Dataset records

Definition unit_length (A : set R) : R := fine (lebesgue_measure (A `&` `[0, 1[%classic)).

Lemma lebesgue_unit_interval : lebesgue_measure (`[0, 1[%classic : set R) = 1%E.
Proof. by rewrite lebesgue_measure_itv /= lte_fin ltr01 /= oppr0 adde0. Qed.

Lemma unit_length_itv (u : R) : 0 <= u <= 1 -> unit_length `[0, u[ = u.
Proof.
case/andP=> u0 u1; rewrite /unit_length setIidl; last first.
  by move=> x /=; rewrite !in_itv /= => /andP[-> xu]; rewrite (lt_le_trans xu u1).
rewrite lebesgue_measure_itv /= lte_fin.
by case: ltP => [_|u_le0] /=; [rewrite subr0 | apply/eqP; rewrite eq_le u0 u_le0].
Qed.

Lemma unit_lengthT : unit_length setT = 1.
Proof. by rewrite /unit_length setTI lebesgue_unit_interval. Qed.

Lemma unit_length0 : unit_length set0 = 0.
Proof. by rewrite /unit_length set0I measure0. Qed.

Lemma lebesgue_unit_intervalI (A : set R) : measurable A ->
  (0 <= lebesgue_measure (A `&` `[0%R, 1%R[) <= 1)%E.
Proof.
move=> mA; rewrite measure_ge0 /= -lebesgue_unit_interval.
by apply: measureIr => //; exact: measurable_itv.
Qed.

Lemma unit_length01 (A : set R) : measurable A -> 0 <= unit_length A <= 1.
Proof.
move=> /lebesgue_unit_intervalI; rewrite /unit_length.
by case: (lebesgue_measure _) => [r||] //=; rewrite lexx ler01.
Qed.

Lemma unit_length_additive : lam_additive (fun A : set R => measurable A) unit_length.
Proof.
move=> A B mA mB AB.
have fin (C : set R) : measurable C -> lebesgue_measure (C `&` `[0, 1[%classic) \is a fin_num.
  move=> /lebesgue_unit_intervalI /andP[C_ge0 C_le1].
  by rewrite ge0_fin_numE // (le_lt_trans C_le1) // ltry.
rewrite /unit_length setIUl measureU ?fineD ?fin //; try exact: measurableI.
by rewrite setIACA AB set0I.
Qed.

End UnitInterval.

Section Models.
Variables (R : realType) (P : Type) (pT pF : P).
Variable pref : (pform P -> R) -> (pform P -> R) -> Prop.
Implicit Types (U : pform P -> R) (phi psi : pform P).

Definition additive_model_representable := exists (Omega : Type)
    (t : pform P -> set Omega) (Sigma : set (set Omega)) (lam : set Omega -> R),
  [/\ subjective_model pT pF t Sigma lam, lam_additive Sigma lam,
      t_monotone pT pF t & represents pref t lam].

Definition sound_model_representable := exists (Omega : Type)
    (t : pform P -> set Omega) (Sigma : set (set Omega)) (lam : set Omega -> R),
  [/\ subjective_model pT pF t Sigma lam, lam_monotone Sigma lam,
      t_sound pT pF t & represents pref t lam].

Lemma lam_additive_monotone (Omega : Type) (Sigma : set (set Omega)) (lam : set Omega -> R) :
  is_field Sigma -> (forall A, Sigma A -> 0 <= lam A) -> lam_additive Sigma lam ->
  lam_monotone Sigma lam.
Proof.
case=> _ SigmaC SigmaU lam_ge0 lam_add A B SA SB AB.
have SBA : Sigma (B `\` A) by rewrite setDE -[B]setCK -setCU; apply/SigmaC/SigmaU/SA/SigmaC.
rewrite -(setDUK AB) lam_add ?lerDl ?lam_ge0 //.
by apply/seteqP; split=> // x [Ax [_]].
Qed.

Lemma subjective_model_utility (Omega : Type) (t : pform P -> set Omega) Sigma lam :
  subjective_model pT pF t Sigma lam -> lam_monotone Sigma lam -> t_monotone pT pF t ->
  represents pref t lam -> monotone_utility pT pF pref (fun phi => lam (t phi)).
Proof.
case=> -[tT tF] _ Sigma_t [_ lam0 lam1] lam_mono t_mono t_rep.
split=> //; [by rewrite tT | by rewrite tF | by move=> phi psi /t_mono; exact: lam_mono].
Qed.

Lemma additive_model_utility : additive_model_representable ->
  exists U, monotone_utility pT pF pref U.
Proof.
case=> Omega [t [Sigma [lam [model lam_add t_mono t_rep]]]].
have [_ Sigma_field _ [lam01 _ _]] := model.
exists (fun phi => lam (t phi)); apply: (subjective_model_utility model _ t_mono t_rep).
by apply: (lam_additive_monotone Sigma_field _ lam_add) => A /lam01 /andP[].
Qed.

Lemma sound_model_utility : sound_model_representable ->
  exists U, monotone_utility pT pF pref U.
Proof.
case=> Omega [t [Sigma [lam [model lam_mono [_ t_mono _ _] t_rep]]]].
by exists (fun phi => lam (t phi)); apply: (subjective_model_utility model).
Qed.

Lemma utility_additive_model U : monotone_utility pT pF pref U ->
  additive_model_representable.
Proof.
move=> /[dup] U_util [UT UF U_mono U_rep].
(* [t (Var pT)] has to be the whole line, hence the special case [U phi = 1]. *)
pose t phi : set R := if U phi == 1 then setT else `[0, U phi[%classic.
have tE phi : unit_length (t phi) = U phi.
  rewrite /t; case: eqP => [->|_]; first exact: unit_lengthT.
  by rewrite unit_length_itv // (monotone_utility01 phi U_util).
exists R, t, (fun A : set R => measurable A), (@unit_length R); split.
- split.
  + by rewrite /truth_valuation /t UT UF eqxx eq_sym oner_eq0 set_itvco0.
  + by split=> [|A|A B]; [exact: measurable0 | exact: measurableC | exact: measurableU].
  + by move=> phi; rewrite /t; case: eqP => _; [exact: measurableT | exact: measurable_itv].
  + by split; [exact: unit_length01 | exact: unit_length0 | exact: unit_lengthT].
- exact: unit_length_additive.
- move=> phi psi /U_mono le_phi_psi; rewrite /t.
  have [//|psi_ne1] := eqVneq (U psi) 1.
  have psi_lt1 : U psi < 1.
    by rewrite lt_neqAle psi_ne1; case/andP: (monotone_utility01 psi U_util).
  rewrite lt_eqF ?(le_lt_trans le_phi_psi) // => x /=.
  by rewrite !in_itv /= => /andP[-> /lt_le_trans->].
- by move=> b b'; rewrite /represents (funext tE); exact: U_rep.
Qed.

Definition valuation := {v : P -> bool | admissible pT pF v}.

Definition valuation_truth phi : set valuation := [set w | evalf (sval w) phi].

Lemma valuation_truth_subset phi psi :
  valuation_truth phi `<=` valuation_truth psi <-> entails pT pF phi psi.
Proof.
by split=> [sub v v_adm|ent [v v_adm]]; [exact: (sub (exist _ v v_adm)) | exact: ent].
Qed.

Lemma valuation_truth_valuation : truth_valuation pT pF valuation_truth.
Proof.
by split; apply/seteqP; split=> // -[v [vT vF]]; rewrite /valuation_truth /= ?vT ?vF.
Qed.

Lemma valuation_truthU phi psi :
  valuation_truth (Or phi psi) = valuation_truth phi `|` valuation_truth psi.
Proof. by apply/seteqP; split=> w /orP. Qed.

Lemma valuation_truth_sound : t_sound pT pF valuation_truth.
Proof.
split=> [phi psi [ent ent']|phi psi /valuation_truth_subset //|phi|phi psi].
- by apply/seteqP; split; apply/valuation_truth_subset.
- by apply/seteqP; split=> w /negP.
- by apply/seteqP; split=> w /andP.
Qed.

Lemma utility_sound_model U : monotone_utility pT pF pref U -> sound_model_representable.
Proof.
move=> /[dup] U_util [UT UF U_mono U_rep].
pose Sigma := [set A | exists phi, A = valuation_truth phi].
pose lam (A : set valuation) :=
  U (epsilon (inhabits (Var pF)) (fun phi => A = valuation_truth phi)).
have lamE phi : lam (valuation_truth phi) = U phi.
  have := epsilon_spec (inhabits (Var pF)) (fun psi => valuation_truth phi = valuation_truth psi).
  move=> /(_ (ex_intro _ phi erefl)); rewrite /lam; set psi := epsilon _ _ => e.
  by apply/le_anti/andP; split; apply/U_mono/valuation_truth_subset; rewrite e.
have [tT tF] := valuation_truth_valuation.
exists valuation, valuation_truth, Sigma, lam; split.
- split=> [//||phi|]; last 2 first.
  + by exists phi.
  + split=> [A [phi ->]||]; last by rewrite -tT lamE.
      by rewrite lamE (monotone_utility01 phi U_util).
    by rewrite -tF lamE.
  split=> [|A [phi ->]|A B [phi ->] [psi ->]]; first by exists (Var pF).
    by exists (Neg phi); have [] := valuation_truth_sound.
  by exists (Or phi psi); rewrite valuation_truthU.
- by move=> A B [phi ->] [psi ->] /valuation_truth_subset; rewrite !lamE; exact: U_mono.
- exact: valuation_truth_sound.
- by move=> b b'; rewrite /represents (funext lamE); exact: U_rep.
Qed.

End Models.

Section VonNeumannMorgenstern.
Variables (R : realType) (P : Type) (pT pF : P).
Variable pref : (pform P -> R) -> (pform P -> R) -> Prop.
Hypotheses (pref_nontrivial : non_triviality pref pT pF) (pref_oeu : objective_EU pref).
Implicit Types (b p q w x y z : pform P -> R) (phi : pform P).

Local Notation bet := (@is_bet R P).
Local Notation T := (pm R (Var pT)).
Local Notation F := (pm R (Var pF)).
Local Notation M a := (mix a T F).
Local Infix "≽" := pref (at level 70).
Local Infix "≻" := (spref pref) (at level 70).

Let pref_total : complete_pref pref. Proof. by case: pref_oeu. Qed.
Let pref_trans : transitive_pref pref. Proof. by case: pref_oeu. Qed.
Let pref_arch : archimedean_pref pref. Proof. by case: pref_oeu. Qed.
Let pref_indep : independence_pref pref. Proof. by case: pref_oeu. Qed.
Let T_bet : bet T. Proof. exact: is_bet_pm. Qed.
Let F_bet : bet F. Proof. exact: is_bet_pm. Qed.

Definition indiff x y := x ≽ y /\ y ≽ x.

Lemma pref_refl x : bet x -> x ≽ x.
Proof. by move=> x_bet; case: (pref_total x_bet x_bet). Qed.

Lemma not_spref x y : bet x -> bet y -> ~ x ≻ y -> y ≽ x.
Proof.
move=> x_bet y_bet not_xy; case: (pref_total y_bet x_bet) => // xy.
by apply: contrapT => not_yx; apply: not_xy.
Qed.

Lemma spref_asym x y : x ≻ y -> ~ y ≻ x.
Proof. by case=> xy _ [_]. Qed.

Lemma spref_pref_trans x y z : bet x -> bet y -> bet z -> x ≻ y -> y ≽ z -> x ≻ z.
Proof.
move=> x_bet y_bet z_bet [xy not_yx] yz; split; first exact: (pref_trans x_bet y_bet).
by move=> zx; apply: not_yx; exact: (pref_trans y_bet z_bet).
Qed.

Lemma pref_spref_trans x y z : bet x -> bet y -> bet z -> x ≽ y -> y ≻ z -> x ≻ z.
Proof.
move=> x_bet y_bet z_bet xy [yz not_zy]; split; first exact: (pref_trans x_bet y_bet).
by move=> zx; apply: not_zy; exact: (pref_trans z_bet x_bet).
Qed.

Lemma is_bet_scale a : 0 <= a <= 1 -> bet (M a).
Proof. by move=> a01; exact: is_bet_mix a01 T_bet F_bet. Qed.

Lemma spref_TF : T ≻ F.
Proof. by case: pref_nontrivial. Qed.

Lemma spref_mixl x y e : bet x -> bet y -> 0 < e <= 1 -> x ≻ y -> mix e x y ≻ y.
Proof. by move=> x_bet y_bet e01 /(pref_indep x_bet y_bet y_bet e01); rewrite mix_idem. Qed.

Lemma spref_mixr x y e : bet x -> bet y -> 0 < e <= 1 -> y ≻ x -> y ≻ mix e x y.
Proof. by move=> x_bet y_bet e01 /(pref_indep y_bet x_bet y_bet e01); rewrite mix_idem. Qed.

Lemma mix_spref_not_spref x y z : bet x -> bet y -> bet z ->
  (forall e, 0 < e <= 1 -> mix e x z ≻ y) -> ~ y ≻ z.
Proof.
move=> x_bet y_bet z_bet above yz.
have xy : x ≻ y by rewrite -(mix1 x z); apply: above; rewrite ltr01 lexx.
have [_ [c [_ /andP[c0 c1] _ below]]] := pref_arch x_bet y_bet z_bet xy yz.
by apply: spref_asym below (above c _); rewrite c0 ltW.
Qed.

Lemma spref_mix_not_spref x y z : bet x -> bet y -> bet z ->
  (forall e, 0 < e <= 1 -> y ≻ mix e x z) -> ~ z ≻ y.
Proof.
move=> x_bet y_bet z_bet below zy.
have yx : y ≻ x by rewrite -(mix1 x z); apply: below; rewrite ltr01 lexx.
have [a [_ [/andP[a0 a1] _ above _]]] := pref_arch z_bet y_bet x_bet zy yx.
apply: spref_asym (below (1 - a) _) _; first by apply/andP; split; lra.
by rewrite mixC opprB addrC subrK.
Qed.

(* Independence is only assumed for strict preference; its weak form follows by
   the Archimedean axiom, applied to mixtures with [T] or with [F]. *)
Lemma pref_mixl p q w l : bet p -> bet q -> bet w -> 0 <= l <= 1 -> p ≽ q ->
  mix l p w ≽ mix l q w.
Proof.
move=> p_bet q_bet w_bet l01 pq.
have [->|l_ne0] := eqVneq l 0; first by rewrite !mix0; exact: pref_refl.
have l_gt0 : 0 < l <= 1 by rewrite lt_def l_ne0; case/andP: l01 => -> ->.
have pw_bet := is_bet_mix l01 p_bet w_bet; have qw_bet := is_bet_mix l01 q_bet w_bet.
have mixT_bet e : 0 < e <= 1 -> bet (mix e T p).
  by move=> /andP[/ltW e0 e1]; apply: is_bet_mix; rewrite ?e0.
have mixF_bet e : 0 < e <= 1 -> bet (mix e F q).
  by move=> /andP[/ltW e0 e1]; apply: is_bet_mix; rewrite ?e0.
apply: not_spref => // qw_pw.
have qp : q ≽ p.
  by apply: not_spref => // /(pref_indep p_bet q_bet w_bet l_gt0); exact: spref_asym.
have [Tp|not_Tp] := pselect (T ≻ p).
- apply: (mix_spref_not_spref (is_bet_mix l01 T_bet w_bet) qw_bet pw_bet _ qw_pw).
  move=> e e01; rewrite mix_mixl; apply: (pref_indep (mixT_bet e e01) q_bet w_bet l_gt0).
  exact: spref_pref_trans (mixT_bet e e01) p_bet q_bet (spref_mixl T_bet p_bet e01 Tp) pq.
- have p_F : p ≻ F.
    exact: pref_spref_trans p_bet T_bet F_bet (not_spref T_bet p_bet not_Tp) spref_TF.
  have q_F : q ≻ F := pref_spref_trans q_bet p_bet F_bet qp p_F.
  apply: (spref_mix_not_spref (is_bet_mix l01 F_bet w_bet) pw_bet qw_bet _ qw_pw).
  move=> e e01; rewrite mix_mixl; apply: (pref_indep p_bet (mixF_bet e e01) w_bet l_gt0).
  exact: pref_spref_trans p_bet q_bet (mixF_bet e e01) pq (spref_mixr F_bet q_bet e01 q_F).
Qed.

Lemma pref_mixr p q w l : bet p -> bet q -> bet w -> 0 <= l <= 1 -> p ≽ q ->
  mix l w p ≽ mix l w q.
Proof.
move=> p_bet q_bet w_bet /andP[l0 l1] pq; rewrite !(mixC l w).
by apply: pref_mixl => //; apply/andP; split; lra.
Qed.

EXERCISE GOAL — Copy all lines from the data that hold the word "lexx".

REPLY TO THE TASK —
by case: (lebesgue_measure _) => [r||] //=; rewrite lexx ler01.
have xy : x ≻ y by rewrite -(mix1 x z); apply: above; rewrite ltr01 lexx.
have yx : y ≻ x by rewrite -(mix1 x z); apply: below; rewrite ltr01 lexx.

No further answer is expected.